Your script seems to be efficient at removing previous users after they have logged in with Jamf Connect credentials, while preserving the current user.
Is this script called via a launchd agent/daemon?
Many thanks!
02-20-2023 11:13 AM - edited 02-20-2023 11:13 AM
Alternatively, if we wanted to have a generic standard user account that either auto-logs or has a simple password that everyone logs into, could we simply and relatively securely use a script to simply delete the user data from the account?
And maybe have that script run from a launch agent / daemon?
For example:
#!/bin/bash
# create a new folde where the user's home folder contents will temporarily move
sudo mkdir /olduser
# move all contents of the user's home folder to the new folder that was just created
sudo mv /Users/<useraccount>/* /olduser
# remove the user's home folder
sudo rm -rf /Users/<useraccount>/
#recreate the user's home folder
sudo mkdir /Users/<useraccount>/
# set the correct permissions
sudo chown <useraccount>:staff /Users/<useraccount>/
# move the contents of the new folder to the user's home folder
sudo mv /olduser/* /Users/<useraccount>/
# remove the temporary folder that was created
sudo rm -rf /olduser
Posted on 03-02-2023 06:30 AM
Hi,
We have about 4 different computer labs with 20 iMacs in each room. Currently there are 9 different classes running between them. We have created local accounts for each students and assigned them an iMac which they will use for the duration of the course. Students have been informed that all files must be saved to OneDrive which is mapped to their desktop.

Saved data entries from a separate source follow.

(* Let $G$ be a simple graph on $n$ vertices and let $f$ be its associated quadratic Boolean function. Then for every graph $H$ in the LC orbit $[G]$, the Boolean function associated with $H$ has $\mathrm{PAR}_{IHN}=2^{\lambda(G)}$. In particular $\mathrm{PAR}_{IHN}(f)=2^{\lambda(G)}$.
   Context: All graphs are finite, simple and undirected, with vertex set $\{0,\dots,n-1\}$. The Boolean function associated with $G$ is $f(\boldsymbol{x})=\sum_{\{i,j\}\in E(G)} x_ix_j \pmod 2$, $\boldsymbol{x}\in\mathbb{Z}_2^n$. For $v\in V$ with neighbourhood $N_v$, the local complementation $G^v$ complements the subgraph induced on $N_v$; the LC orbit $[G]$ is the set of graphs obtainable from $G$ by finite sequences of local complementations. $\alpha(G)$ is the independence number and $\lambda(G)=\max_{H\in[G]}\alpha(H)$. Let $I=\begin{pmatrix}1&0\\0&1\end{pmatrix}$, $H=\frac1{\sqrt2}\begin{pmatrix}1&1\\1&-1\end{pmatrix}$, $N=\frac1{\sqrt2}\begin{pmatrix}1&i\\1&-i\end{pmatrix}$ with $i^2=-1$. For a Boolean function $f$ on $n$ variables, let $\boldsymbol{s}\in\mathbb{C}^{2^n}$ be the vector with entries $s_{\boldsymbol{x}}=2^{-n/2}(-1)^{f(\boldsymbol{x})}$ (indexed by $\boldsymbol{x}\in\mathbb{Z}_2^n$ in the standard order consistent with the Kronecker product). Then $\mathrm{PAR}_{IHN}(f)=2^n\max_{U}\max_{k}|(U\boldsymbol{s})_k|^2$, the maximum over all $3^n$ transforms $U=U_0\otimes\cdots\otimes U_{n-1}$ with each $U_j\in\{I,H,N\}$ and over all coordinates $k\in\mathbb{Z}_{2^n}$. *)

From mathcomp Require Import all_boot all_order all_algebra all_field.
Set Implicit Arguments. Unset Strict Implicit. Unset Printing Implicit Defensive.
Import Order.TTheory GRing.Theory Num.Theory.
Local Open Scope ring_scope.

Definition graph (n : nat) := {ffun 'I_n * 'I_n -> bool}.

Definition simple_graph n (G : graph n) : Prop :=
  forall i j : 'I_n, G (i, i) = false /\ G (i, j) = G (j, i).

Definition lc n (G : graph n) (v : 'I_n) : graph n :=
  [ffun p : 'I_n * 'I_n =>
     if [&& p.1 != p.2, G (v, p.1) & G (v, p.2)] then ~~ G p else G p].

Definition lc_step n : rel (graph n) := fun G H => [exists v, H == lc G v].
Definition in_lc_orbit n (G H : graph n) : bool := connect (@lc_step n) G H.

Definition independent n (G : graph n) (S : {set 'I_n}) : bool :=
  [forall i in S, forall j in S, ~~ G (i, j)].

Definition alpha n (G : graph n) : nat :=
  (\max_(S : {set 'I_n} | independent G S) #|S|)%N.

Definition lambda n (G : graph n) : nat :=
  (\max_(H : graph n | in_lc_orbit G H) alpha H)%N.

Definition bvec n := {ffun 'I_n -> bool}.

Definition bool_fun n (G : graph n) (x : bvec n) : bool :=
  \big[addb/false]_(i : 'I_n) \big[addb/false]_(j : 'I_n | (i < j)%N)
     [&& G (i, j), x i & x j].

(* The three 2x2 matrices, coded by 'I_3: 0 = I, 1 = H, 2 = N;
   entries indexed by bools (false = 0, true = 1), row then column. *)
Definition gate_entry (g : 'I_3) (r c : bool) : algC :=
  match nat_of_ord g with
  | 0%N => if r == c then 1 else 0
  | 1%N => (sqrtC 2)^-1 * (if r && c then -1 else 1)
  | _ => (sqrtC 2)^-1 *
         (if c then (if r then - 'i else 'i) else 1)
  end.

Definition svec n (f : bvec n -> bool) (x : bvec n) : algC :=
  (sqrtC 2 ^+ n)^-1 * (-1) ^+ f x.

(* (U s)_k for U = U_0 (x) ... (x) U_{n-1}, Kronecker product written out *)
Definition transform n (f : bvec n -> bool) (U : {ffun 'I_n -> 'I_3})
    (k : bvec n) : algC :=
  \sum_(x : bvec n) (\prod_(j : 'I_n) gate_entry (U j) (k j) (x j)) * svec f x.

Definition PAR_IHN n (f : bvec n -> bool) : algC :=
  2 ^+ n * \big[Num.max/0]_(U : {ffun 'I_n -> 'I_3})
             \big[Num.max/0]_(k : bvec n) `|transform f U k| ^+ 2.

From mathcomp Require Import all_boot all_order all_algebra all_field.
From mathcomp Require Import ring.
Import Order.TTheory GRing.Theory Num.Theory.
Set Implicit Arguments. Unset Strict Implicit. Unset Printing Implicit Defensive.
Local Open Scope ring_scope.

(* Expanding |(U s)_k|^2 as a double sum over x, y and substituting y = x + w,
   the quadratic form splits as f(x + w) = f(x) + f(w) + <x, Gamma w>, so that
   2^n |(U s)_k|^2 = sum_w (-1)^f(w) prod_j c_(U_j)(k_j; w_j, (Gamma w)_j), where
   c_u is the autocorrelation of the gate u.  Each factor c_u has modulus 0 or 1,
   and is nonzero exactly when (w_j, (Gamma w)_j) satisfies the linear constraint
   of u (w_j = 0 for I, (Gamma w)_j = 0 for H, (Gamma w)_j = w_j for N).  Hence
   these spectral values are nonnegative, bounded by the size of the set K_U of
   such w, and sum to 2^n while their squares sum to 2^n |K_U|: the maximum over
   k is |K_U|, and PAR_IHN = max_U |K_U|.
   Local complementation at v corresponds to w |-> w + (Gamma w)_v e_v, which
   maps K_U bijectively onto K_U' for a modified U', so max_U |K_U| is an LC
   invariant.  An independent set S gives |K_U| = 2^|S| (H on S, I elsewhere);
   conversely |K_U| <= 2^|supp U|, and LC moves shrink supp U until it is
   independent in some graph of the orbit, so max_U |K_U| = 2^lambda. *)

Lemma bigmax_nonneg_eq (R : numDomainType) (I : finType) (F : I -> R) (c : R) :
  (forall i, 0 <= F i <= c) -> (exists i, F i = c) ->
  \big[Num.max/0]_(i : I) F i = c.
Proof.
move=> F_bnd [i0 Fi0]; subst c.
have F_ge0 i : 0 <= F i by case/andP: (F_bnd i).
have bnd r : 0 <= \big[Num.max/0]_(i <- r) F i <= F i0 /\
             (i0 \in r -> F i0 <= \big[Num.max/0]_(i <- r) F i).
  elim: r => [|a r [/andP[M_ge0 M_le] IH]]; first by rewrite big_nil lexx F_ge0.
  rewrite big_cons in_cons.
  case: (real_leP (ger0_real (F_ge0 a)) (ger0_real M_ge0)) => [Fa_le | M_lt].
  - rewrite M_ge0 M_le; split=> // /orP[/eqP -> //|]; exact: IH.
  - rewrite F_bnd; split=> // /orP[/eqP -> //|/IH le_M].
    exact: le_trans le_M (ltW M_lt).
case: (bnd (index_enum I)) => /andP[_ le_max] /(_ (mem_index_enum i0)) ge_max.
by apply/le_anti; rewrite le_max ge_max.
Qed.
Definition assumption1 (c : R -> R) : Prop :=
  (forall x y t, 0 <= x -> 0 <= y -> 0 <= t <= 1 ->
     c (t * x + (1 - t) * y) <= t * c x + (1 - t) * c y) /\
  (forall x eps, 0 <= x -> 0 < eps -> exists del, 0 < del /\
     forall y, 0 <= y -> Rabs (y - x) < del -> Rabs (c y - c x) < eps) /\
  (forall x y, 0 <= x <= y -> c x <= c y) /\
  (exists c' : R -> R, forall x, 0 < x ->
     derivable_pt_lim c x (c' x) /\ continuity_pt c' x) /\
  c 0 = 0.

Definition phi_f (cb : R) : R :=
  Rmax ((2 - cb + sqrt (cb ^ 2 - 4 * cb + 12)) / 2) 1.

Definition f_bound (cb : R) : R :=
  let phi := phi_f cb in (phi ^ 2 + 2) / (phi ^ 2 + 2 * phi + cb).

From Pilot Require Import Defs.
From Stdlib Require Import Reals Lra Lia ClassicalEpsilon.
From Coquelicot Require Import Coquelicot.
Open Scope R_scope.

(* Let X be the equilibrium output and P = p(X).  If X = 0, best responses
   force C_n(y) >= p(0) y, so no profile has positive welfare; if P = 0,
   equilibrium costs vanish and no profile beats the equilibrium surplus.
   Otherwise let b = β δ X^(δ-1) be the slope of the demand at X and s the
   largest individual output.  Since q^δ is concave, p lies above its
   tangent at X, and with convex costs the equilibrium conditions give
   subgradients P - b x_n of C_n at x_n (convex_subgradient, eq_subgradient).
   The equilibrium surplus is bounded below by the tangent (surplus_lower);
   the surplus any profile gains at the level P - b s is bounded above by a
   trapezoid of width at most c̄ s (overshoot_bound, net_surplus_bound).
   What remains is the quadratic inequality
   f(c̄) (X^2 + 2 s X + c̄ s^2) <= X^2 + 2 s^2 (f_bound_quadratic).

   Assumption 4 makes the
   optimal welfare positive (optimum_welfare_pos), and the theorem follows
   by dividing by it. *)

Lemma sumN_ext N g h : (forall n, (n < N)%nat -> g n = h n) -> sumN N g = sumN N h.
Proof.
  induction N as [|N IH]; simpl; intros H; auto.
  rewrite IH by (intros; apply H; lia). rewrite H by lia. reflexivity.
Qed.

Once students leave the course, we remove their account but keep their files on OneDrive for 3 months just in case any students need them.
Posted on 03-02-2023 07:11 AM
Awesome! Thanks for replying and for the details on your lab set up. That sounds like a great approach. The biggest barrier to an approach like this in our set up, and the difficulty we face, is that the students who use the computers may only use them once in the semester (there are nine different departments with upwards of 25 students in upwards of 20 sections per class. A given student may go into one classroom, use the computer once, and only use one other computer in one other classroom the entire semester. A thousand students might make their way though the classrooms. We have a turn around time from class to class of 15 minutes in total, but generally clear a single room and prep it for the next one in 3 minutes.
Posted on 03-02-2023 07:19 AM
i understand and agree that this approach is not for you. Using guest account could work but students will need to save to cloud storage before logging off but students can't be trusted to do that each time. i would suggest exploring jamf connect and have a word with your jamf buddy.